Directions: Of all the lines below, output only those starting at the one with "dcirc (d1w x u) v." and ending at the one with "Definition upw u", both ends included, exactly as written.

Records supplied:

(* For every reachable pointed lasso automaton $X=(X_1,X_2,\overline{x},\delta_1,\delta_2,\delta_3)$, define $T(X)=(\sim_\delta,\sim)$ as in the context. Then $\sim$ is a well-defined equivalence relation on $\Sigma^{\mathrm{up}}$, $(\sim_\delta,\sim)$ is a congruence on the free Wilke algebra $(\Sigma^+,\Sigma^{\mathrm{up}})$, and whenever there is a morphism $X\to Y$ of reachable pointed lasso automata, $T(X)\subseteq T(Y)$ componentwise. (That is, $T$ is a well-defined functor from $\mathrm{Alg}_r(G_1)$ to the preorder of Wilke algebra congruences under inclusion.)
   Context: $\Sigma$ is a finite alphabet, $\Sigma^+$ the nonempty words, $\Sigma^{\ast+}=\Sigma^\ast\times\Sigma^+$ the lassos, $\Sigma^{\mathrm{up}}=\{uv^\omega\mid u\in\Sigma^\ast,v\in\Sigma^+\}$ the ultimately periodic words; $(u,v)\sim_\gamma(u',v')$ iff $uv^\omega=u'v'^\omega$. A pointed lasso automaton is $(X_1,X_2,\overline{x},\delta_1,\delta_2,\delta_3)$ with disjoint $X_1,X_2$, $\overline{x}\in X_1$, $\delta_1:X_1\times\Sigma\to X_1$, $\delta_2:X_1\times\Sigma\to X_2$, $\delta_3:X_2\times\Sigma\to X_2$; extend $\delta_1,\delta_3$ to words, $\delta_\circ(x,av)=\delta_3(\delta_2(x,a),v)$ for $x\in X_1$, $\delta(x,(u,v))=\delta_\circ(\delta_1(x,u),v)$. It is reachable if every $x\in X_1$ is $\delta_1(\overline{x},w)$ for some word and every $y\in X_2$ is $\delta(\overline{x},(u,v))$ for some lasso; morphisms are pairs of maps preserving the initial state and commuting with $\delta_1,\delta_2,\delta_3$; $\mathrm{Alg}_r(G_1)$ is the resulting category. A set $c\subseteq X_2$ is admissible if the accepted lasso language $\{(u,v)\mid\delta(\overline{x},(u,v))\in c\}$ is closed under $\sim_\gamma$; $\mathrm{Adm}(X_2)$ is the set of admissible sets. $\sim_\delta\subseteq\Sigma^+\times\Sigma^+$: $u\sim_\delta v$ iff $\delta_1(x,u)=\delta_1(x,v)$ and $\delta_\circ(x,u)=\delta_\circ(x,v)$ for all $x\in X_1$, and $\delta_3(y,u)=\delta_3(y,v)$ for all $y\in X_2$. $\sim$ on $\Sigma^{\mathrm{up}}$: $uv^\omega\sim u'v'^\omega$ iff for all $x\in X_1$ and $c\in\mathrm{Adm}(X_2)$, $\delta(x,(u,v))\in c\iff\delta(x,(u',v'))\in c$. The free Wilke algebra over $\Sigma$ is $(\Sigma^+,\Sigma^{\mathrm{up}})$ with concatenation on $\Sigma^+$, mixed product $u\cdot(vw^\omega)=(uv)w^\omega$ and $\omega$-power $u\mapsto u^\omega$; a congruence on it is a pair of equivalence relations on $\Sigma^+$ and $\Sigma^{\mathrm{up}}$ compatible with these three operations. *)

From mathcomp Require Import all_boot.
Set Implicit Arguments. Unset Strict Implicit. Unset Printing Implicit Defensive.

(* Pointed lasso automaton over alphabet S. X1, X2 are separate types,
   hence disjoint. *)
Record lasso_aut (S : finType) : Type := LassoAut {
  st1 : Type; st2 : Type; init : st1;
  d1 : st1 -> S -> st1; d2 : st1 -> S -> st2; d3 : st2 -> S -> st2 }.

Section Defs.
Variable S : finType.
Implicit Types (u v w : seq S).

Definition d1w (X : lasso_aut S) (x : st1 X) u : st1 X := foldl (@d1 S X) x u.
Definition d3w (X : lasso_aut S) (y : st2 X) u : st2 X := foldl (@d3 S X) y u.
Definition dcirc (X : lasso_aut S) (x : st1 X) v : option (st2 X) :=
  match v with [::] => None | a :: v' => Some (d3w (d2 x a) v') end.
Definition dlasso (X : lasso_aut S) (x : st1 X) u v : option (st2 X) :=
  dcirc (d1w x u) v.

Definition inc (T : Type) (o : option T) (c : T -> Prop) : Prop :=
  match o with Some y => c y | None => False end.

(* the ultimately periodic omega-word u v^omega (values are Some _ when v is
   nonempty) *)
Definition upw u v : nat -> option S :=
  fun n => if n < size u then onth u n else onth v ((n - size u) %% size v).

Definition gamma u v u' v' : Prop := forall n, upw u v n = upw u' v' n.

Definition reachable (X : lasso_aut S) : Prop :=
  (forall x : st1 X, exists w, d1w (init X) w = x) /\
  (forall y : st2 X, exists u v, v != [::] /\ dlasso (init X) u v = Some y).

Definition admissible (X : lasso_aut S) (c : st2 X -> Prop) : Prop :=
  forall u v u' v', v != [::] -> v' != [::] -> gamma u v u' v' ->
    (inc (dlasso (init X) u v) c <-> inc (dlasso (init X) u' v') c).

Definition sim_delta (X : lasso_aut S) u v : Prop :=
  (forall x : st1 X, d1w x u = d1w x v /\ dcirc x u = dcirc x v) /\
  (forall y : st2 X, d3w y u = d3w y v).

Definition lasso_sim (X : lasso_aut S) u v u' v' : Prop :=
  forall (x : st1 X) (c : st2 X -> Prop), admissible c ->
    (inc (dlasso x u v) c <-> inc (dlasso x u' v') c).

Definition rep (w : nat -> option S) u v : Prop :=
  v != [::] /\ forall n, w n = upw u v n.
Definition is_up (w : nat -> option S) : Prop := exists u v, rep w u v.

Definition sim (X : lasso_aut S) (w w' : nat -> option S) : Prop :=
  forall u v u' v', rep w u v -> rep w' u' v' -> lasso_sim X u v u' v'.

Definition mixprod u (w : nat -> option S) : nat -> option S :=
  fun n => if n < size u then onth u n else w (n - size u).
Definition omega_pow u : nat -> option S := upw [::] u.

Definition is_morphism (X Y : lasso_aut S) (f1 : st1 X -> st1 Y)
  (f2 : st2 X -> st2 Y) : Prop :=
  [/\ f1 (init X) = init Y,
      forall x a, f1 (d1 x a) = d1 (f1 x) a,
      forall x a, f2 (d2 x a) = d2 (f1 x) a &
      forall y a, f2 (d3 y a) = d3 (f2 y) a].

End Defs.

From mathcomp Require Import all_boot.
Set Implicit Arguments. Unset Strict Implicit.

(* Reachability writes every state of X1 as d1(x0, w), and
   d(d1(x0, w), (u, v)) = d(x0, (wu, v)); as prefixing w preserves ~gamma, an
   admissible set is closed under ~gamma from every state, not only from x0.
   Hence ~ does not depend on the lasso representatives, and the congruence
   laws reduce to exhibiting representatives of u.(r s^w) and u^w.  For
   functoriality, a morphism into a reachable automaton is surjective on both
   state sets, and admissible sets pull back along it. *)

Section Lassos.
Variable S : finType.
Implicit Types (u v w : seq S).

Lemma upw_cat w u v n :
  upw (w ++ u) v n = if n < size w then onth w n else upw u v (n - size w).
Proof.
rewrite /upw size_cat onth_cat; case: (ltnP n (size w)) => [lt_n_w | le_w_n].
  by rewrite (leq_trans lt_n_w) // leq_addr.
by rewrite ltn_subLR // subnDA.
Qed.

Lemma gamma_sym u v u' v' : gamma u v u' v' -> gamma u' v' u v.
Proof. by move=> G n; rewrite G. Qed.

Lemma gamma_catl w u v u' v' : gamma u v u' v' -> gamma (w ++ u) v (w ++ u') v'.
Proof. by move=> G n; rewrite !upw_cat G. Qed.

Lemma rep_gamma (a : nat -> option S) u v u' v' :
  rep a u v -> rep a u' v' -> gamma u v u' v'.
Proof. by move=> [_ Ea] [_ Ea'] n; rewrite -Ea -Ea'. Qed.

Lemma rep_mixprod (a : nat -> option S) w u v :
  rep a u v -> rep (mixprod w a) (w ++ u) v.
Proof. by move=> [nv Ea]; split=> // n; rewrite /mixprod upw_cat Ea. Qed.

Lemma rep_omega_pow v : v != [::] -> rep (omega_pow v) [::] v.
Proof. by []. Qed.

Lemma inc_omap (A B : Type) (f : A -> B) (o : option A) (c : B -> Prop) :
  inc (omap f o) c = inc o (fun a => c (f a)).
Proof. by case: o. Qed.

Section Runs.
Variable X : lasso_aut S.

Lemma d1w_cat (x : st1 X) u v : d1w x (u ++ v) = d1w (d1w x u) v.
Proof. exact: foldl_cat. Qed.

Lemma d3w_cat (y : st2 X) u v : d3w y (u ++ v) = d3w (d3w y u) v.
Proof. exact: foldl_cat. Qed.

Lemma dcirc_cat (x : st1 X) u v : u != [::] ->
  dcirc x (u ++ v) = omap (fun y => d3w y v) (dcirc x u).
Proof. by case: u => //= a u _; rewrite d3w_cat. Qed.

Lemma dlasso_cat (x : st1 X) w u v : dlasso x (w ++ u) v = dlasso (d1w x w) u v.
Proof. by rewrite /dlasso d1w_cat. Qed.

Lemma dlasso_nil (x : st1 X) v : dlasso x [::] v = dcirc x v.
Proof. by []. Qed.

Lemma sim_delta_refl u : sim_delta X u u.
Proof. by []. Qed.

Lemma sim_delta_sym u v : sim_delta X u v -> sim_delta X v u.
Proof.
move=> [D1 D3]; split=> [x | y]; last by rewrite D3.
by have [-> ->] := D1 x.
Qed.

Lemma sim_delta_trans u v w :
  sim_delta X u v -> sim_delta X v w -> sim_delta X u w.
Proof.
move=> [D1 D3] [E1 E3]; split=> [x | y]; last by rewrite D3 E3.
by have [-> ->] := D1 x; have [-> ->] := E1 x.
Qed.

Lemma sim_delta_cat u u' v v' : u != [::] -> u' != [::] ->
  sim_delta X u u' -> sim_delta X v v' -> sim_delta X (u ++ v) (u' ++ v').
Proof.
move=> nu nu' [D1 D3] [E1 E3]; split=> [x | y]; last by rewrite !d3w_cat D3 E3.
rewrite !d1w_cat !dcirc_cat //; have [-> ->] := D1 x.
by rewrite (E1 _).1; split=> //; case: (dcirc x u') => //= y; rewrite E3.
Qed.

Hypothesis HX : reachable X.

Lemma admissible_gamma (c : st2 X -> Prop) (x : st1 X) u v u' v' :
  admissible c -> v != [::] -> v' != [::] -> gamma u v u' v' ->
  (inc (dlasso x u v) c <-> inc (dlasso x u' v') c).
Proof.
move=> adm_c nv nv' G; have [w <-] := HX.1 x.
by rewrite -!dlasso_cat; apply: adm_c => //; apply: gamma_catl.
Qed.

Lemma lasso_sim_gamma u v u' v' u1 v1 u1' v1' :
  v != [::] -> v' != [::] -> v1 != [::] -> v1' != [::] ->
  gamma u v u1 v1 -> gamma u' v' u1' v1' ->
  lasso_sim X u v u' v' -> lasso_sim X u1 v1 u1' v1'.
Proof.
move=> nv nv' nv1 nv1' G G' L x c adm_c.
apply: iff_trans (iff_sym (admissible_gamma x adm_c nv nv1 G)) _.
exact: iff_trans (L x c adm_c) (admissible_gamma x adm_c nv' nv1' G').
Qed.

Lemma lasso_sim_gammaE u v u' v' u1 v1 u1' v1' :
  v != [::] -> v' != [::] -> v1 != [::] -> v1' != [::] ->
  gamma u v u1 v1 -> gamma u' v' u1' v1' ->
  (lasso_sim X u v u' v' <-> lasso_sim X u1 v1 u1' v1').
Proof.
move=> nv nv' nv1 nv1' G G'; split; apply: lasso_sim_gamma => //;
  exact: gamma_sym.
Qed.

Lemma sim_of_rep (a a' : nat -> option S) u v u' v' :
  rep a u v -> rep a' u' v' -> lasso_sim X u v u' v' -> sim X a a'.
Proof.
move=> Ra Ra' L p q p' q' Rp Rp'.
exact: lasso_sim_gamma Ra.1 Ra'.1 Rp.1 Rp'.1 (rep_gamma Ra Rp) (rep_gamma Ra' Rp') L.
Qed.

Lemma sim_refl (a : nat -> option S) : sim X a a.
Proof.
move=> u v u' v' Ra Ra' x c adm_c.
exact: admissible_gamma adm_c Ra.1 Ra'.1 (rep_gamma Ra Ra').
Qed.

Lemma sim_sym (a a' : nat -> option S) : sim X a a' -> sim X a' a.
Proof. by move=> E u v u' v' Ra Ra' x c adm_c; apply: iff_sym; apply: E. Qed.

Lemma sim_trans (a a' a'' : nat -> option S) :
  is_up a' -> sim X a a' -> sim X a' a'' -> sim X a a''.
Proof.
move=> [p [q Ra']] E E' u v u' v' Ra Ra'' x c adm_c.
exact: iff_trans (E _ _ _ _ Ra Ra' x c adm_c) (E' _ _ _ _ Ra' Ra'' x c adm_c).
Qed.

Lemma sim_mixprod u u' (a a' : nat -> option S) :
  is_up a -> is_up a' -> sim_delta X u u' -> sim X a a' ->
  sim X (mixprod u a) (mixprod u' a').
Proof.
move=> [r [s Ra]] [r' [s' Ra']] [D1 _] E.
apply: sim_of_rep (rep_mixprod u Ra) (rep_mixprod u' Ra') _ => x c adm_c.
by rewrite !dlasso_cat (D1 x).1; apply: E.
Qed.

Lemma sim_omega_pow u u' : u != [::] -> u' != [::] ->
  sim_delta X u u' -> sim X (omega_pow u) (omega_pow u').
Proof.
move=> nu nu' [D1 _].
apply: sim_of_rep (rep_omega_pow nu) (rep_omega_pow nu') _ => x c _.
by rewrite !dlasso_nil (D1 x).2.
Qed.

End Runs.

Section Morphism.
Variables (X Y : lasso_aut S) (f1 : st1 X -> st1 Y) (f2 : st2 X -> st2 Y).
Hypothesis f_morph : is_morphism f1 f2.

Lemma morph_d1w x u : f1 (d1w x u) = d1w (f1 x) u.
Proof.
have [_ f_d1 _ _] := f_morph.
by elim: u x => // a u IHu x; apply: etrans (IHu (d1 x a)) _; rewrite f_d1.
Qed.

Lemma morph_d3w y u : f2 (d3w y u) = d3w (f2 y) u.
Proof.
have [_ _ _ f_d3] := f_morph.
by elim: u y => // a u IHu y; apply: etrans (IHu (d3 y a)) _; rewrite f_d3.
Qed.

Lemma morph_dcirc x u : dcirc (f1 x) u = omap f2 (dcirc x u).
Proof. by have [_ _ f_d2 _] := f_morph; case: u => //= a u; rewrite morph_d3w f_d2. Qed.

Lemma morph_dlasso x u v : dlasso (f1 x) u v = omap f2 (dlasso x u v).
Proof. by rewrite /dlasso -morph_d1w morph_dcirc. Qed.

Lemma morph_dlasso_init u v : dlasso (init Y) u v = omap f2 (dlasso (init X) u v).
Proof. by have [f_init _ _ _] := f_morph; rewrite -f_init morph_dlasso. Qed.

Lemma admissible_morph (c : st2 Y -> Prop) :
  admissible c -> admissible (fun z => c (f2 z)).
Proof.
move=> adm_c u v u' v' nv nv' G.
by have := adm_c u v u' v' nv nv' G; rewrite !morph_dlasso_init !inc_omap.
Qed.

Hypothesis HY : reachable Y.

Lemma morph_surj1 (x' : st1 Y) : exists x, f1 x = x'.
Proof.
have [f_init _ _ _] := f_morph; have [w <-] := HY.1 x'.
by exists (d1w (init X) w); rewrite morph_d1w f_init.
Qed.

Lemma morph_surj2 (y' : st2 Y) : exists y, f2 y = y'.
Proof.
have [u [v [_]]] := HY.2 y'; rewrite morph_dlasso_init.
by case: (dlasso (init X) u v) => //= y [<-]; exists y.
Qed.

Lemma sim_delta_morph u v : sim_delta X u v -> sim_delta Y u v.
Proof.
move=> [D1 D3]; split=> [x' | y'].
  have [x <-] := morph_surj1 x'.
  by rewrite -!morph_d1w !morph_dcirc; have [-> ->] := D1 x.
by have [y <-] := morph_surj2 y'; rewrite -!morph_d3w D3.
Qed.

Lemma sim_morph (a a' : nat -> option S) : sim X a a' -> sim Y a a'.
Proof.
move=> E u v u' v' Ra Ra' x' c adm_c; have [x <-] := morph_surj1 x'.
by rewrite !morph_dlasso !inc_omap; apply: E => //; apply: admissible_morph.
Qed.

End Morphism.
End Lassos.

Theorem mainTheorem16 (S : finType) (X : lasso_aut S) (HX : reachable X) :
  (* ~ is well defined: independent of the chosen lasso representatives *)
  (forall u v u' v' u1 v1 u1' v1' : seq S,
      v != [::] -> v' != [::] -> v1 != [::] -> v1' != [::] ->
      gamma u v u1 v1 -> gamma u' v' u1' v1' ->
      (lasso_sim X u v u' v' <-> lasso_sim X u1 v1 u1' v1')) /\
  (* ~ is an equivalence relation on Sigma^up *)
  (forall w, is_up w -> sim X w w) /\
  (forall w w', is_up w -> is_up w' -> sim X w w' -> sim X w' w) /\
  (forall w w' w'', is_up w -> is_up w' -> is_up w'' ->
      sim X w w' -> sim X w' w'' -> sim X w w'') /\
  (* ~delta is an equivalence relation on Sigma^+ *)
  (forall u : seq S, u != [::] -> sim_delta X u u) /\
  (forall u v : seq S, u != [::] -> v != [::] ->
      sim_delta X u v -> sim_delta X v u) /\
  (forall u v w : seq S, u != [::] -> v != [::] -> w != [::] ->
      sim_delta X u v -> sim_delta X v w -> sim_delta X u w) /\
  (* compatibility with concatenation *)
  (forall u u' v v' : seq S, u != [::] -> u' != [::] -> v != [::] -> v' != [::] ->
      sim_delta X u u' -> sim_delta X v v' -> sim_delta X (u ++ v) (u' ++ v')) /\
  (* compatibility with the mixed product *)
  (forall (u u' : seq S) w w', u != [::] -> u' != [::] -> is_up w -> is_up w' ->
      sim_delta X u u' -> sim X w w' -> sim X (mixprod u w) (mixprod u' w')) /\
  (* compatibility with the omega-power *)
  (forall u u' : seq S, u != [::] -> u' != [::] ->
      sim_delta X u u' -> sim X (omega_pow u) (omega_pow u')) /\
  (* functoriality: a morphism X -> Y gives T(X) included in T(Y) *)
  (forall (Y : lasso_aut S) (f1 : st1 X -> st1 Y) (f2 : st2 X -> st2 Y),
      reachable Y -> is_morphism f1 f2 ->
      (forall u v : seq S, u != [::] -> v != [::] ->
          sim_delta X u v -> sim_delta Y u v) /\
      (forall w w', is_up w -> is_up w' -> sim X w w' -> sim Y w w')).
Proof.
split; first exact: lasso_sim_gammaE.
split; first by move=> w _; apply: sim_refl.
split; first by move=> w w' _ _; apply: sim_sym.
split; first by move=> w w' w'' _ up_w' _; apply: sim_trans.
split; first by move=> u _; apply: sim_delta_refl.
split; first by move=> u v _ _; apply: sim_delta_sym.
split; first by move=> u v w _ _ _; apply: sim_delta_trans.
split; first by move=> u u' v v' nu nu' _ _; apply: sim_delta_cat.
split; first by move=> u u' w w' _ _; apply: sim_mixprod.
split; first exact: sim_omega_pow.
move=> Y f1 f2 HY f_morph; split=> [u v _ _ | w w' _ _].
  exact: (sim_delta_morph f_morph HY).
exact: (sim_morph f_morph HY).
Qed.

Your response:
  dcirc (d1w x u) v.

Definition inc (T : Type) (o : option T) (c : T -> Prop) : Prop :=
  match o with Some y => c y | None => False end.

(* the ultimately periodic omega-word u v^omega (values are Some _ when v is
   nonempty) *)
Definition upw u v : nat -> option S :=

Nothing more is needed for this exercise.